Budget de « la Sécu » définitivement adopté : les médecins déconventionnés verront leurs prescriptions non remboursées
Discrets, marginaux sur le papier mais déterminés dans leurs positions, les médecins de secteur 3 se retrouvent aujourd’hui dans le viseur du législateur.

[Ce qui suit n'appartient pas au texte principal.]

From HB Require Import structures.
From mathcomp Require Import all_boot all_order all_algebra.
From mathcomp Require Import all_classical all_reals all_analysis.
From mathcomp Require Import ring lra.
Import Order.TTheory GRing.Theory Num.Theory.
Import numFieldNormedType.Exports.
Local Open Scope classical_set_scope.
Local Open Scope ring_scope.

(** The Fenchel conjugate is attained at gradients, f^*(grad f z) = <z, grad f z> - f z,
    so W_{f_i^*}(grad f_i x; grad f_i xbar) is the Bregman distance of f_i from x to xbar,
    and the weighted sum is the Bregman distance of F = sum_i phat_i f_i, whose gradient is
    sum_i phat_i grad f_i.  If grad F is L-Lipschitz, the descent lemma at xbar along
    (grad F x - grad F xbar) / L, compared with the tangent plane of F at x, gives
    |grad F x - grad F xbar|^2 <= 2 L D_F(x, xbar).  Taking the infimum over such L yields
    the bound with L_phat, and L_phat <= L_f. *)

Section Euclidean.
Context {R : realType} {n : nat}.
Implicit Types (u v w : 'rV[R]_n) (c : R).

Lemma dotpC u v : dotp u v = dotp v u.
Proof. by apply: eq_bigr => j _; rewrite mulrC. Qed.

Lemma dotpDl u v w : dotp (u + v) w = dotp u w + dotp v w.
Proof. by rewrite /dotp -big_split; apply: eq_bigr => j _; rewrite !mxE mulrDl. Qed.

Lemma dotpZl c u v : dotp (c *: u) v = c * dotp u v.
Proof. by rewrite /dotp mulr_sumr; apply: eq_bigr => j _; rewrite !mxE mulrA. Qed.

Lemma dotp0l v : dotp 0 v = 0.
Proof. by rewrite -(scale0r 0) dotpZl mul0r. Qed.

Lemma dotpBl u v w : dotp (u - v) w = dotp u w - dotp v w.
Proof. by rewrite dotpDl -scaleN1r dotpZl mulN1r. Qed.

Lemma dotpDr u v w : dotp w (u + v) = dotp w u + dotp w v.
Proof. by rewrite dotpC dotpDl !(dotpC w). Qed.

Lemma dotpZr c u v : dotp v (c *: u) = c * dotp v u.
Proof. by rewrite dotpC dotpZl dotpC. Qed.

Lemma dotpBr u v w : dotp w (u - v) = dotp w u - dotp w v.
Proof. by rewrite dotpC dotpBl !(dotpC w). Qed.

Lemma dotp_suml m (c : 'I_m -> R) (a : 'I_m -> 'rV[R]_n) v :
  dotp (\sum_(i < m) c i *: a i) v = \sum_(i < m) c i * dotp (a i) v.
Proof. by elim/big_ind2: _ => [|? ? ? ? <- <-|i _]; rewrite ?dotp0l ?dotpDl ?dotpZl. Qed.

Lemma dotp_delta u j : dotp u (delta_mx 0 j) = u 0 j.
Proof.
rewrite /dotp (bigD1 j) //= big1 ?addr0; first by rewrite mxE !eqxx mulr1.
by move=> k kj; rewrite mxE eqxx /= (negbTE kj) mulr0.
Qed.

Lemma dotpp_ge0 u : 0 <= dotp u u.
Proof. by apply: sumr_ge0 => j _; rewrite -expr2 sqr_ge0. Qed.

Lemma dotpp_eq0 u : (dotp u u == 0) = (u == 0).
Proof.
apply/idP/eqP => [|->]; last by rewrite dotp0l.
rewrite psumr_eq0 => [/allP u0|j _]; last by rewrite -expr2 sqr_ge0.
by apply/rowP => j; apply/eqP; rewrite mxE -sqrf_eq0 expr2 (implyP (u0 j _)) ?mem_index_enum.
Qed.

Lemma enorm_sqr u : enorm u ^+ 2 = dotp u u.
Proof. by rewrite sqr_sqrtr // dotpp_ge0. Qed.

Lemma enorm_ge0 u : 0 <= enorm u.
Proof. exact: sqrtr_ge0. Qed.

Lemma dotp_sqr_le u v : dotp u v ^+ 2 <= dotp u u * dotp v v.
Proof.
have [->|u0] := eqVneq u 0; first by rewrite !dotp0l expr0n mul0r.
have uu_gt0 : 0 < dotp u u by rewrite lt_def dotpp_eq0 u0 dotpp_ge0.
have := dotpp_ge0 ((dotp u v / dotp u u) *: u - v).
rewrite dotpBl !dotpBr !dotpZl !dotpZr (dotpC v u).
set a := dotp u u; set b := dotp v v; set c := dotp u v.
have -> : c / a * (c / a * a) - c / a * c - (c / a * c - b) = b - c ^+ 2 / a.
  by field; rewrite gt_eqF.
by rewrite subr_ge0 ler_pdivrMr // mulrC.
Qed.

Lemma dotp_le_enorm u v : dotp u v <= enorm u * enorm v.
Proof.
rewrite -sqrtrM ?dotpp_ge0 //; apply: le_trans (ler_norm _) _.
by rewrite -sqrtr_sqr ler_wsqrtr // dotp_sqr_le.
Qed.

Lemma ler_enormD u v : enorm (u + v) <= enorm u + enorm v.
Proof.
rewrite -(ler_pXn2r (_ : 0 < 2)%N) ?nnegrE ?addr_ge0 ?enorm_ge0 //.
rewrite enorm_sqr dotpDl !dotpDr (dotpC v u) sqrrD !enorm_sqr.
by have := dotp_le_enorm u v; lra.
Qed.

Lemma enormZ c u : enorm (c *: u) = `|c| * enorm u.
Proof. by rewrite /enorm dotpZl dotpZr mulrA -expr2 sqrtrM ?sqr_ge0 // sqrtr_sqr. Qed.

Lemma ler_enorm_sum m (c : 'I_m -> R) (a : 'I_m -> 'rV[R]_n) :
  enorm (\sum_(i < m) c i *: a i) <= \sum_(i < m) `|c i| * enorm (a i).
Proof.
elim/big_ind2: _ => [|u x v y uv vy|i _]; last by rewrite enormZ.
- by rewrite /enorm dotp0l sqrtr0.
- by apply: le_trans (ler_enormD _ _) _; apply: lerD.
Qed.

End Euclidean.

Lemma is_derive_along {R : realType} {V : normedModType R} (F : V -> R) y h t dF :
  is_derive (t *: h + y) h F dF -> is_derive t 1 (fun s : R => F (s *: h + y)) dF.
Proof.
move=> [dFh <-].
have quotient_eq :
    (fun s : R => s^-1 *: (((fun s => F (s *: h + y)) \o shift t) (s *: 1) - F (t *: h + y))) =
    (fun s : R => s^-1 *: ((F \o shift (t *: h + y)) (s *: h) - F (t *: h + y))).
  by apply/funext => s /=; rewrite [s *: 1]mulr1 scalerDl addrA.
by split; rewrite /derivable /derive quotient_eq.
Qed.

Section Gradient.
Context {R : realType} {n : nat}.
Implicit Types (F : 'rV[R]_n -> R) (x v : 'rV[R]_n).

Lemma derive_grad F x v : differentiable F x -> 'D_v F x = dotp (grad F x) v.
Proof.
move=> dF; rewrite deriveE // {1}(row_sum_delta v) linear_sum /dotp.
by apply: eq_bigr => j _; rewrite linearZ /= mxE deriveE // mulrC.
Qed.

Lemma is_derive_grad F x v : differentiable F x -> is_derive x v F (dotp (grad F x) v).
Proof. by move=> dF; rewrite -derive_grad //; apply/derivableP/diff_derivable. Qed.

End Gradient.

Section WeightedSum.
Context {R : realType} {n m : nat}.
Variables (c : 'I_m -> R) (f : 'I_m -> 'rV[R]_n -> R).

Let wsum_fctE : (fun z => \sum_(i < m) c i * f i z) = \sum_(i < m) (c i \*: f i).
Proof. by apply/funext => z; rewrite fct_sumE. Qed.

Lemma differentiable_wsum x : (forall i, differentiable (f i) x) ->
  differentiable (fun z => \sum_(i < m) c i * f i z) x.
Proof. by move=> df; rewrite wsum_fctE; apply: differentiable_sum => i; apply: differentiableZ. Qed.

Lemma grad_wsum x : (forall i, differentiable (f i) x) ->
  grad (fun z => \sum_(i < m) c i * f i z) x = \sum_(i < m) c i *: grad (f i) x.
Proof.
move=> df; apply/rowP => j; rewrite !mxE summxE wsum_fctE.
have dsum := is_derive_sum
  (fun i => is_deriveZ (c i) (is_derive_grad _ _ (delta_mx 0 j) (df i))).
by rewrite derive_val; apply: eq_bigr => i _; rewrite dotp_delta !mxE.
Qed.

Lemma convex_fun_wsum : (forall i, 0 <= c i) -> (forall i, convex_fun (f i)) ->
  convex_fun (fun z => \sum_(i < m) c i * f i z).
Proof.
move=> c_ge0 cvx x y t t01; rewrite !mulr_sumr -big_split; apply: ler_sum => i _ /=.
by rewrite mulrCA [(1 - t) * _]mulrCA -mulrDr ler_wpM2l // cvx.
Qed.

End WeightedSum.

Section Bregman.
Context {R : realType} {n : nat}.
Implicit Types (F : 'rV[R]_n -> R) (x y z : 'rV[R]_n).

Definition bregman F x y := F y - F x - dotp (grad F x) (y - x).
Lemma cluster_penalty_decomp theta j w v :
  \sum_(i < n | c i == j) gamma i * enorm (theta i - w) ^+ 2 + lambda j * enorm (w - v) ^+ 2
  = (1 - alpha j) * \sum_(i < n | c i == j)
        gamma i * enorm (theta i - clavg c gamma theta j) ^+ 2
    + alpha j * \sum_(i < n | c i == j) gamma i * enorm (theta i - v) ^+ 2
    + (csum c j gamma + lambda j) * enorm (wopt theta v j - w) ^+ 2.
Proof.
have G_neq0 : csum c j gamma != 0 by rewrite gt_eqF.
have GL_neq0 : csum c j gamma + lambda j != 0 by rewrite gt_eqF ?ltr_wpDr.
rewrite (wsum_enorm_decomp theta w G_neq0) (wsum_enorm_decomp theta v G_neq0).
rewrite -/(clavg c gamma theta j) -/(csum c j gamma).
rewrite -addrA (enorm_sqr_pair_decomp _ _ _ GL_neq0) /alpha_of.
by field; rewrite addrC.
Qed.

Lemma global_penalty_decomp theta v :
  \sum_(j < k) alpha j * \sum_(i < n | c i == j) gamma i * enorm (theta i - v) ^+ 2
  = \sum_(j < k) alpha j * \sum_(i < n | c i == j) gamma i * enorm (theta i - avg theta) ^+ 2
    + A * enorm (avg theta - v) ^+ 2.
Proof.
rewrite !sum_clusters; under eq_bigr do rewrite mulrA.
under [X in _ = X + _]eq_bigr do rewrite mulrA.
exact: (wsum_enorm_decomp (P := xpredT) theta v (lt0r_neq0 alpha_weights_pos)).
Qed.

Lemma F_MTL_decomp theta w wbar :
  F_MTL c f gamma lambda theta w wbar = F_obj c f gamma alpha theta
    + 2^-1 * (\sum_(j < k) (csum c j gamma + lambda j) * enorm (wopt theta wbar j - w j) ^+ 2
              + A * enorm (avg theta - wbar) ^+ 2).
Proof.
rewrite F_MTLE F_objE; under eq_bigr do rewrite cluster_penalty_decomp.
by rewrite !big_split /= -!mulr_sumr !big_split /= global_penalty_decomp; ring.
Qed.

Lemma F_obj_le_F_MTL theta w wbar :
  F_obj c f gamma alpha theta <= F_MTL c f gamma lambda theta w wbar.
Proof.
rewrite F_MTL_decomp lerDl mulr_ge0 ?addr_ge0 ?sumr_ge0 // => [j _|].
  by rewrite mulr_ge0 ?sqr_ge0 // addr_ge0 // ltW.
by rewrite mulr_ge0 ?sqr_ge0 // ltW.
Qed.

Lemma F_MTL_wopt theta :
  F_MTL c f gamma lambda theta (wopt theta (avg theta)) (avg theta) = F_obj c f gamma alpha theta.
Proof.
rewrite F_MTL_decomp subrr enorm0 expr0n mulr0 addr0 big1 ?mulr0 ?addr0 // => j _.
by rewrite subrr enorm0 expr0n mulr0.
Qed.

Local Notation mix t x y := (t *: x + (1 - t) *: y).

Lemma F_MTL_strongly_convex mu t th1 w1 v1 th2 w2 v2 :
  (forall i, strongly_convex mu (f i)) -> 0 <= t <= 1 ->
  F_MTL c f gamma lambda (fun i => mix t (th1 i) (th2 i)) (fun j => mix t (w1 j) (w2 j))
    (mix t v1 v2)
  <= t * F_MTL c f gamma lambda th1 w1 v1 + (1 - t) * F_MTL c f gamma lambda th2 w2 v2
     - mu / 2 * t * (1 - t) * \sum_(i < n) enorm (th1 i - th2 i) ^+ 2.
Proof.
move=> f_sc t01; have /andP[t0 t1] := t01.
rewrite (partition_big c xpredT) //= sumr_affine; apply: ler_sum => j _.
have clients_le : csum c j (fun i => f i (mix t (th1 i) (th2 i))
      + gamma i / 2 * enorm (mix t (th1 i) (th2 i) - mix t (w1 j) (w2 j)) ^+ 2)
    <= t * csum c j (fun i => f i (th1 i) + gamma i / 2 * enorm (th1 i - w1 j) ^+ 2)
       + (1 - t) * csum c j (fun i => f i (th2 i) + gamma i / 2 * enorm (th2 i - w2 j) ^+ 2)
       - mu / 2 * t * (1 - t) * \sum_(i < n | c i == j) enorm (th1 i - th2 i) ^+ 2.
  rewrite /csum sumr_affine; apply: ler_sum => i _.
  have f_le := f_sc i (th1 i) (th2 i) t t0 t1.
  have sq_le := ler_wpM2l (divr_ge0 (ltW (gamma_gt0 i)) (ler0n _ 2))
    (enorm_sqr_convex (th1 i) (th2 i) (w1 j) (w2 j) t01).
  lra.
have center_le := ler_wpM2l (divr_ge0 (lambda_ge0 j) (ler0n _ 2))
  (enorm_sqr_convex (w1 j) (w2 j) v1 v2 t01).
lra.
Qed.

Lemma F_MTL_argmin_eq_F_obj_argmin mu thetap what wbarhat thetahat :
  0 < mu -> (forall i, strongly_convex mu (f i)) ->
  (forall theta w wbar, F_MTL c f gamma lambda thetap what wbarhat
                        <= F_MTL c f gamma lambda theta w wbar) ->
  (forall theta, F_obj c f gamma alpha thetahat <= F_obj c f gamma alpha theta) ->
  forall i, thetahat i = thetap i.
Proof.
move=> mu_gt0 f_sc MTL_min obj_min.
set what' := wopt thetahat (avg thetahat); set wbar' := avg thetahat.
have hat_le : F_MTL c f gamma lambda thetahat what' wbar'
              <= F_MTL c f gamma lambda thetap what wbarhat.
  by rewrite F_MTL_wopt; apply: le_trans (obj_min thetap) (F_obj_le_F_MTL _ _ _).
have half01 : 0 <= (2^-1 : R) <= 1 by rewrite invr_ge0 ler0n invf_le1 ?ler1n.
have mid_le := F_MTL_strongly_convex thetahat what' wbar' thetap what wbarhat f_sc half01.
have mid_ge := MTL_min (fun i => mix 2^-1 (thetahat i) (thetap i))
  (fun j => mix 2^-1 (what' j) (what j)) (mix 2^-1 wbar' wbarhat).
set S := \sum_(i < n) enorm (thetahat i - thetap i) ^+ 2 in mid_le.
have : mu / 2 * 2^-1 * (1 - 2^-1) * S <= 0 by lra.
rewrite pmulr_rle0 ?mulr_gt0 ?divr_gt0 ?invr_gt0 ?subr_gt0 ?invf_lt1 ?ltr1n // => S_le0.
have S_eq0 : S = 0 by apply/eqP; rewrite eq_le S_le0 sumr_ge0 // => i _; exact: sqr_ge0.
move=> i; apply/eqP; rewrite -subr_eq0; apply/eqP/enorm_sqr_eq0.
by apply: (psumr_eq0P _ S_eq0) => // l _; exact: sqr_ge0.
Qed.

End ClusteredObjectives.

Theorem proposition2p1 (R : realType) (n k d : nat) (c : 'I_n -> 'I_k)
  (f : 'I_n -> 'rV[R]_d -> R) (mu L : R) (gamma : 'I_n -> R) (lambda : 'I_k -> R)
  (thetap : 'I_n -> 'rV[R]_d) (what : 'I_k -> 'rV[R]_d) (wbarhat : 'rV[R]_d)
  (thetahat : 'I_n -> 'rV[R]_d) :
  (0 < d)%N ->
  (forall j : 'I_k, exists i : 'I_n, c i = j) ->
  0 < mu -> mu <= L ->
  (forall i, differentiable_everywhere (f i)) ->
  (forall i, strongly_convex mu (f i)) ->
  (forall i, L_smooth L (f i)) ->
  (forall i, 0 < gamma i) ->
  (forall j, 0 <= lambda j) ->
  (exists j, lambda j != 0) ->
  (forall theta w wbar,
     F_MTL c f gamma lambda thetap what wbarhat <= F_MTL c f gamma lambda theta w wbar) ->
  (forall theta,
     F_obj c f gamma (alpha_of c gamma lambda) thetahat
       <= F_obj c f gamma (alpha_of c gamma lambda) theta) ->
  forall i, thetahat i = thetap i.
Proof.
move=> _ c_onto mu_gt0 _ _ f_sc _ gamma_gt0 lambda_ge0 lambda_neq0 MTL_min obj_min.
have csum_gt0 := csum_gamma_gt0 gamma_gt0 c_onto.
have A_gt0 := alpha_weights_gt0 gamma_gt0 lambda_ge0 csum_gt0 lambda_neq0 c_onto.
exact: (F_MTL_argmin_eq_F_obj_argmin gamma_gt0 lambda_ge0 csum_gt0 A_gt0 mu_gt0 f_sc
  MTL_min obj_min).
Qed.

Avec l’adoption du budget de la Sécurité sociale pour 2026, une mesure controversée relance un débat explosif : celui de l’égalité d’accès aux soins et du rôle de l’Assurance maladie face aux praticiens non conventionnés.
Ils sont peu nombreux à l’échelle nationale : 1 124 médecins libéraux non conventionnés, selon le décompte précis du syndicat SM3, sur près de 108 000 praticiens exerçant en France. Ces médecins dits de secteur 3 ont fait le choix de ne pas signer de convention avec l’Assurance maladie. En contrepartie d’une plus grande liberté tarifaire, leurs patients ne bénéficient que d’un remboursement symbolique, oscillant entre 0,61 € et 1,22 € par consultation.
Jusqu’ici, cette situation concernait essentiellement le coût des consultations. Mais un nouveau cap vient d’être franchi.
Adopté définitivement le 16 décembre 2025, le budget de la Sécurité sociale introduit un article particulièrement sensible. L’article 26 bis prévoit le déremboursement total des prescriptions émises par les médecins de secteur 3 à compter du 1ᵉʳ janvier 2027. Médicaments, soins infirmiers, matériel médical : tout pourrait sortir du champ de la prise en charge.
Initialement, le projet de loi envisageait aussi de taxer les dépassements d’honoraires des médecins de secteur 2. Cette mesure a été abandonnée. Reste une disposition ciblant exclusivement les praticiens non conventionnés, perçus comme les plus réfractaires à la tutelle de l’Assurance maladie.
Une mesure jugée profondément injuste

La réaction des syndicats ne s’est pas fait attendre. L’UFML dénonce une atteinte frontale au principe d’égalité, estimant que dérembourser les soins prescrits à des patients cotisant à la Sécurité sociale est « aussi injuste qu’injustifiable ». Le syndicat agite à nouveau la menace du déconventionnement massif, une arme régulièrement brandie dans les relations tendues entre médecins et pouvoirs publics.
Pour les opposants au texte, ce sont les patients qui paieraient le prix fort, indépendamment de leur situation médicale ou géographique.
Qui sont réellement les médecins de secteur 3 ?
Contrairement aux idées reçues, ces praticiens ne se limitent pas à une médecine de confort. Près de la moitié sont des généralistes, les autres exerçant des activités dites « à exercice particulier » ou relevant de spécialités comme la dermatologie, la psychiatrie, l’ophtalmologie ou la chirurgie plastique.
Selon le Dr Kamyar Dadsetan, président du syndicat SM3, 75 % des médecins de secteur 3 pratiqueraient une médecine de soins, souvent pour des pathologies lourdes ou chroniques. Il ajoute qu’environ 60 % exercent dans des zones sous-dotées, un argument central dans la contestation de la réforme.
Sur le terrain, certains praticiens défendent leur modèle. La Dre Caroline Journel, généraliste spécialisée en gérontologie, explique avoir quitté l’hôpital après dix ans de carrière. Elle propose des bilans gériatriques longs et approfondis, impossibles à faire entrer dans les cases tarifaires conventionnées.
Selon elle, le déremboursement des prescriptions rendrait tout simplement son activité impossible, notamment pour les soins infirmiers et le matériel médical indispensable à ses patients âgés. Une inquiétude partagée par de nombreux confrères.
Le spectre d’une médecine à deux vitesses

Pour les syndicats, le paradoxe est criant. Dérembourser les prescriptions créerait, selon eux, la véritable médecine à deux vitesses, bien plus que l’existence de consultations non conventionnées. Les patients les plus fragiles risqueraient de renoncer à des soins pourtant nécessaires.
C’est sur ce terrain que se jouera désormais la bataille juridique. Le SM3 a annoncé son intention de saisir le Conseil constitutionnel, arguant d’une rupture manifeste de l’égalité entre assurés sociaux.
2027 : une échéance lourde de conséquences
La date d’entrée en vigueur, fixée au 1ᵉʳ janvier 2027, laisse un délai de réflexion aux praticiens concernés. Mais beaucoup n’envisagent pas de rentrer dans le rang, assure le Dr Dadsetan. Certains évoquent un retour au salariat, d’autres un départ à l’étranger, voire une reconversion professionnelle.
La Dre Journel n’exclut pas elle-même de revoir totalement son avenir. Un choix qui pourrait accentuer la pénurie médicale, notamment dans les territoires déjà fragilisés.